Problem: Output exactly the lines below, starting with the line that has "Section ProximalPoint." and going on through the line that has "move=> t_gt0; have [g_ninf _] := g_proper.", both included, and no other lines.

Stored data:
(* Let $f:\mathbb{R}^p\times\mathbb{R}^N\to\mathbb{R}$ be differentiable with $M$-Lipschitz joint gradient, i.e. there is $M>0$ with $\|(\nabla_xf(x_1,z_1)-\nabla_xf(x_2,z_2),\nabla_zf(x_1,z_1)-\nabla_zf(x_2,z_2))\|\le M\|(x_1-x_2,z_1-z_2)\|$ for all $x_1,x_2,z_1,z_2$, and let $g:\mathbb{R}^p\to\mathbb{R}\cup\{\infty\}$ and $h:\mathbb{R}^N\to\mathbb{R}\cup\{\infty\}$ be proper, lower semicontinuous and directionally differentiable. Let $x_t\in\mathbb{R}^p$, $z_t\in\mathbb{R}^N$, $\eta_t^x,\eta_t^z>0$, and $$x_{t+1}\in\operatorname{Prox}_{g/\eta_t^x}\Big(x_t-\tfrac1{\eta_t^x}\nabla_xf(x_t,z_t)\Big),\qquad z_{t+1}\in\operatorname{Prox}_{h/\eta_t^z}\Big(z_t-\tfrac1{\eta_t^z}\nabla_zf(x_{t+1},z_t)\Big).$$ Define $\epsilon_t^x:=\eta_t^x(x_{t+1}-x_t)+\nabla_xf(x_t,z_t)-\nabla_xf(x_{t+1},z_{t+1})$ and $\epsilon_t^z:=\eta_t^z(z_{t+1}-z_t)+\nabla_zf(x_{t+1},z_t)-\nabla_zf(x_{t+1},z_{t+1})$. Then for all $d_x\in\mathbb{R}^p$, $d_z\in\mathbb{R}^N$, $$-\|\epsilon_t^x\|\|d_x\|-\|\epsilon_t^z\|\|d_z\|\le g'(x_{t+1};d_x)+h'(z_{t+1};d_z)+\langle\nabla_xf(x_{t+1},z_{t+1}),d_x\rangle+\langle\nabla_zf(x_{t+1},z_{t+1}),d_z\rangle.$$
   Context: $\|\cdot\|$ is the Euclidean norm. $\operatorname{Prox}_{\phi/\eta}(y):=\operatorname{argmin}_{u}\{\tfrac1\eta\phi(u)+\tfrac12\|u-y\|^2\}$. The directional derivative is $\phi'(u;d):=\lim_{\tau\to+0}\frac{\phi(u+\tau d)-\phi(u)}{\tau}$ (possibly $+\infty$); directionally differentiable means this limit exists for all $d$ and all $u\in\operatorname{dom}\phi$. *)

From HB Require Import structures.
From mathcomp Require Import all_boot all_order all_algebra.
From mathcomp Require Import all_classical all_reals all_analysis.
Set Implicit Arguments. Unset Strict Implicit. Unset Printing Implicit Defensive.
Import Order.TTheory GRing.Theory Num.Theory.
Import numFieldNormedType.Exports.
Local Open Scope ring_scope.
Local Open Scope classical_set_scope.

Section Defs.
Variable R : realType.

Definition vdot n (u v : 'rV[R]_n) : R := \sum_(i < n) u ord0 i * v ord0 i.
Definition vnorm n (v : 'rV[R]_n) : R := Num.sqrt (vdot v v).
Definition pnorm p N (u : 'rV[R]_p) (v : 'rV[R]_N) : R :=
  Num.sqrt (vdot u u + vdot v v).

Definition has_grad p N (f : 'rV[R]_p -> 'rV[R]_N -> R)
  (gx : 'rV[R]_p -> 'rV[R]_N -> 'rV[R]_p) (gz : 'rV[R]_p -> 'rV[R]_N -> 'rV[R]_N) :=
  forall x z, forall eps : R, 0 < eps -> exists2 delta : R, 0 < delta &
    forall (hx : 'rV[R]_p) (hz : 'rV[R]_N), pnorm hx hz < delta ->
      `| f (x + hx) (z + hz) - f x z - vdot (gx x z) hx - vdot (gz x z) hz |
        <= eps * pnorm hx hz.

Definition proper_fun n (g : 'rV[R]_n -> \bar R) :=
  (forall x, g x != -oo%E) /\ exists x, g x \is a fin_num.

Definition lsc n (g : 'rV[R]_n -> \bar R) :=
  forall x (a : R), (a%:E < g x)%E -> exists2 delta : R, 0 < delta &
    forall y, vnorm (y - x) < delta -> (a%:E < g y)%E.

Definition dquot n (g : 'rV[R]_n -> \bar R) (u d : 'rV[R]_n) (tau : R) : \bar R :=
  ((g (u + tau *: d)%R - g u) * (tau^-1)%:E)%E.

Definition dirder n (g : 'rV[R]_n -> \bar R) (u d : 'rV[R]_n) : \bar R :=
  lim (dquot g u d tau @[tau --> 0^'+]).

Definition dir_diff n (g : 'rV[R]_n -> \bar R) :=
  forall u d, g u \is a fin_num ->
    exists l : \bar R, dquot g u d tau @[tau --> 0^'+] --> l.

Definition in_prox n (g : 'rV[R]_n -> \bar R) (eta : R) (y x : 'rV[R]_n) :=
  forall u, (eta^-1%:E * g x + (2^-1 * vnorm (x - y) ^+ 2)%:E
             <= eta^-1%:E * g u + (2^-1 * vnorm (u - y) ^+ 2)%:E)%E.

End Defs.

(** The proximal optimality condition of [u |-> g u / eta + |u - y|^2 / 2] at
    [x], tested along the ray [x + t d], gives the difference-quotient bound
    [(g (x + t d) - g x) / t >= - <eta (x - y), d> - eta t |d|^2 / 2], hence
    [g'(x; d) >= - <eta (x - y), d>] as [t -> 0+].  For a proximal gradient step
    [y = x0 - G / eta], the vector [eta (x - y)] equals [eps + G'] with [eps]
    the residual and [G'] the gradient at the new point, and Cauchy-Schwarz
    turns [- <eps, d>] into [- |eps| |d|].  Summing the [x]- and [z]-blocks
    gives the theorem. *)
From HB Require Import structures.
From mathcomp Require Import all_boot all_order all_algebra.
From mathcomp Require Import all_classical all_reals all_analysis.
From mathcomp Require Import ring lra.
Set Implicit Arguments. Unset Strict Implicit. Unset Printing Implicit Defensive.
Import Order.TTheory GRing.Theory Num.Theory.
Import numFieldNormedType.Exports.
Local Open Scope ring_scope.
Local Open Scope classical_set_scope.

Section EuclideanRowVectors.
Variables (R : realType) (n : nat).
Implicit Types (u v w : 'rV[R]_n) (a : R).

Lemma vdotC u v : vdot u v = vdot v u.
Proof. by apply: eq_bigr => i _; rewrite mulrC. Qed.

Lemma vdotDl u v w : vdot (u + v) w = vdot u w + vdot v w.
Proof. by rewrite /vdot -big_split; apply: eq_bigr => i _; rewrite mxE mulrDl. Qed.

Lemma vdotZl a u w : vdot (a *: u) w = a * vdot u w.
Proof. by rewrite /vdot mulr_sumr; apply: eq_bigr => i _; rewrite mxE mulrA. Qed.

Lemma vdotBl u v w : vdot (u - v) w = vdot u w - vdot v w.
Proof. by rewrite vdotDl -scaleN1r vdotZl mulN1r. Qed.

Lemma vdotDr u v w : vdot w (u + v) = vdot w u + vdot w v.
Proof. by rewrite vdotC vdotDl !(vdotC w). Qed.

Lemma vdotZr a u w : vdot w (a *: u) = a * vdot w u.
Proof. by rewrite vdotC vdotZl vdotC. Qed.

Lemma vdot0l w : vdot 0 w = 0.
Proof. by rewrite -(scale0r 0) vdotZl mul0r. Qed.

Lemma vdot_self_ge0 u : 0 <= vdot u u.
Proof. by apply: sumr_ge0 => i _; rewrite -expr2 sqr_ge0. Qed.

Lemma vdot_self_eq0 u : vdot u u = 0 -> u = 0.
Proof.
move=> /eqP; rewrite psumr_eq0 => [/allP u0|i _]; last by rewrite -expr2 sqr_ge0.
apply/rowP => i; rewrite mxE.
by have := u0 i (mem_index_enum i); rewrite /= mulf_eq0 orbb => /eqP.
Qed.

Lemma vdot_selfD u v : vdot (u + v) (u + v) = vdot u u + 2 * vdot u v + vdot v v.
Proof. by rewrite !vdotDl !vdotDr (vdotC v u); ring. Qed.

Lemma vnorm_ge0 u : 0 <= vnorm u.
Proof. exact: sqrtr_ge0. Qed.

Lemma vnorm_sqr u : vnorm u ^+ 2 = vdot u u.
Proof. by rewrite sqr_sqrtr // vdot_self_ge0. Qed.

Lemma vnorm_eq0 u : vnorm u = 0 -> u = 0.
Proof. by move=> u0; apply: vdot_self_eq0; rewrite -vnorm_sqr u0 expr0n. Qed.

Lemma vdot_le_vnorm u v : vdot u v <= vnorm u * vnorm v.
Proof.
have [u0|/eqP un0] := eqVneq (vnorm u) 0; first by rewrite u0 mul0r (vnorm_eq0 u0) vdot0l.
have [v0|/eqP vn0] := eqVneq (vnorm v) 0.
  by rewrite v0 mulr0 (vnorm_eq0 v0) vdotC vdot0l.
set a := vnorm u; set b := vnorm v.
have ab_gt0 : 0 < a * b by rewrite mulr_gt0 // lt0r vnorm_ge0 andbT; apply/eqP.
(* |b u - a v|^2 = 2 a b (a b - <u, v>) *)
have := vdot_self_ge0 (b *: u - a *: v).
rewrite !vdotBl -!(vdotC (_ - _)) !vdotBl !vdotZl !vdotZr -!vnorm_sqr -/a -/b vdotC => sq_ge0.
have : 0 <= (a * b) * (2 * (a * b - vdot u v)) by move: sq_ge0; nra.
by rewrite pmulr_rge0 //; lra.
Qed.

End EuclideanRowVectors.

Lemma cvg_EFin_affine_at_right (R : realType) (r c : R) :
  (r - c * t)%:E @[t --> 0^'+] --> r%:E.
Proof.
apply: cvg_EFin; first by near=> t.
apply: cvg_within_filter.
have : (fun t : R => r - c * t) @ (0 : R) --> r - c * 0.
  by apply: cvgB; [exact: cvg_cst | apply: cvgM; [exact: cvg_cst | exact: cvg_id]].
by rewrite mulr0 subr0.
Unshelve. all: end_near.
Qed.

Lemma dirder_ge (R : realType) n (g : 'rV[R]_n -> \bar R) u d (r c : R) :
  dir_diff g -> g u \is a fin_num ->
  (forall t, 0 < t -> ((r - c * t)%:E <= dquot g u d t)%E) ->
  (r%:E <= dirder g u d)%E.
Proof.
move=> gdd gu dquot_ge; have [l dquot_l] := gdd u d gu.
rewrite /dirder (cvg_lim _ dquot_l) //.
apply: (lee_cvg_to (@cvg_EFin_affine_at_right _ r c) dquot_l).
by near=> t; apply: dquot_ge; near: t; exact: nbhs_right_gt.
Unshelve. all: end_near.
Qed.

Section ProximalPoint.
Variables (R : realType) (n : nat) (g : 'rV[R]_n -> \bar R) (eta : R) (y x : 'rV[R]_n).
Hypotheses (eta_gt0 : 0 < eta) (g_proper : proper_fun g) (x_prox : in_prox g eta y x).

Lemma in_prox_fin_num : g x \is a fin_num.
Proof.
have [g_ninf [u0 gu0]] := g_proper.
move: (x_prox u0) (g_ninf x); case: (g x) => // /[swap] _.
rewrite gt0_muley ?lte_fin ?invr_gt0 // addye // leye_eq => /eqP rhs_oo.
by rewrite -rhs_oo fin_numD fin_numM.
Qed.

Lemma in_prox_dquot_ge d t : 0 < t ->
  ((- vdot (eta *: (x - y)) d - eta / 2 * vdot d d * t)%:E <= dquot g x d t)%E.
Proof.
move=> t_gt0; have [g_ninf _] := g_proper.
have [gx gxE] : exists gx : R, g x = gx%:E.
  by exists (fine (g x)); rewrite fineK //; exact: in_prox_fin_num.
move: (x_prox (x + t *: d)) (g_ninf (x + t *: d)); rewrite /dquot gxE.
case: (g (x + t *: d)) => [s| |] //= prox_ineq _; last first.
  by rewrite addye // gt0_mulye ?lte_fin ?invr_gt0 // leey.
rewrite -EFinD -EFinM lee_fin ler_pdivlMr //.
move: prox_ineq; rewrite -!EFinM -!EFinD lee_fin addrAC !vnorm_sqr.
rewrite (vdot_selfD (x - y)) !vdotZl !vdotZr => prox_ineq.
have eta_inv_cancel r : r = eta * (eta^-1 * r) by rewrite mulVKf ?gt_eqF.
rewrite [s]eta_inv_cancel [gx]eta_inv_cancel.
by move: prox_ineq => /(ler_wpM2l (ltW eta_gt0)); lra.
Qed.

Lemma in_prox_dirder_ge d : dir_diff g ->
  ((- vdot (eta *: (x - y)) d)%:E <= dirder g x d)%E.
Proof.
move=> gdd; apply: (dirder_ge (c := eta / 2 * vdot d d) gdd in_prox_fin_num).
exact: in_prox_dquot_ge.
Qed.

End ProximalPoint.

Lemma prox_grad_step_dirder_ge (R : realType) n (g : 'rV[R]_n -> \bar R)
    (eta : R) (x0 x G G' d : 'rV[R]_n) :
  0 < eta -> proper_fun g -> dir_diff g -> in_prox g eta (x0 - eta^-1 *: G) x ->
  ((- (vnorm (eta *: (x - x0) + G - G') * vnorm d) - vdot G' d)%:E
    <= dirder g x d)%E.
Proof.
move=> eta_gt0 g_proper gdd x_prox.
apply: le_trans (in_prox_dirder_ge eta_gt0 g_proper x_prox d gdd).
have -> : eta *: (x - (x0 - eta^-1 *: G)) = (eta *: (x - x0) + G - G') + G'.
  rewrite subrK opprB !scalerDr scalerA mulfV ?gt_eqF // scale1r.
  by rewrite -addrA (addrC G).
rewrite lee_fin vdotDl opprD lerD2r lerN2; exact: vdot_le_vnorm.
Qed.

Theorem lemma2 (R : realType) (p N : nat)
  (f : 'rV[R]_p -> 'rV[R]_N -> R)
  (gx : 'rV[R]_p -> 'rV[R]_N -> 'rV[R]_p) (gz : 'rV[R]_p -> 'rV[R]_N -> 'rV[R]_N)
  (M : R) (g : 'rV[R]_p -> \bar R) (h : 'rV[R]_N -> \bar R)
  (xt x1 : 'rV[R]_p) (zt z1 : 'rV[R]_N) (etax etaz : R) :
  has_grad f gx gz ->
  0 < M ->
  (forall x1' x2' z1' z2',
      pnorm (gx x1' z1' - gx x2' z2') (gz x1' z1' - gz x2' z2')
        <= M * pnorm (x1' - x2') (z1' - z2')) ->
  proper_fun g -> lsc g -> dir_diff g ->
  proper_fun h -> lsc h -> dir_diff h ->
  0 < etax -> 0 < etaz ->
  in_prox g etax (xt - etax^-1 *: gx xt zt) x1 ->
  in_prox h etaz (zt - etaz^-1 *: gz x1 zt) z1 ->
  let epsx := etax *: (x1 - xt) + gx xt zt - gx x1 z1 in
  let epsz := etaz *: (z1 - zt) + gz x1 zt - gz x1 z1 in
  forall (dx : 'rV[R]_p) (dz : 'rV[R]_N),
    ((- (vnorm epsx * vnorm dx) - vnorm epsz * vnorm dz)%:E
      <= dirder g x1 dx + dirder h z1 dz
         + (vdot (gx x1 z1) dx)%:E + (vdot (gz x1 z1) dz)%:E)%E.
Proof.
move=> _ _ _ g_proper _ gdd h_proper _ hdd etax_gt0 etaz_gt0 x1_prox z1_prox epsx epsz dx dz.
have gx_bound := prox_grad_step_dirder_ge (gx x1 z1) dx etax_gt0 g_proper gdd x1_prox.
have gz_bound := prox_grad_step_dirder_ge (gz x1 z1) dz etaz_gt0 h_proper hdd z1_prox.
apply: le_trans (leeD (leeD (leeD gx_bound gz_bound) (lexx _)) (lexx _)).
by rewrite -!EFinD lee_fin -/epsx -/epsz; lra.
Qed.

Finished exercise:
Section ProximalPoint.
Variables (R : realType) (n : nat) (g : 'rV[R]_n -> \bar R) (eta : R) (y x : 'rV[R]_n).
Hypotheses (eta_gt0 : 0 < eta) (g_proper : proper_fun g) (x_prox : in_prox g eta y x).

Lemma in_prox_fin_num : g x \is a fin_num.
Proof.
have [g_ninf [u0 gu0]] := g_proper.
move: (x_prox u0) (g_ninf x); case: (g x) => // /[swap] _.
rewrite gt0_muley ?lte_fin ?invr_gt0 // addye // leye_eq => /eqP rhs_oo.
by rewrite -rhs_oo fin_numD fin_numM.
Qed.

Lemma in_prox_dquot_ge d t : 0 < t ->
  ((- vdot (eta *: (x - y)) d - eta / 2 * vdot d d * t)%:E <= dquot g x d t)%E.
Proof.
move=> t_gt0; have [g_ninf _] := g_proper.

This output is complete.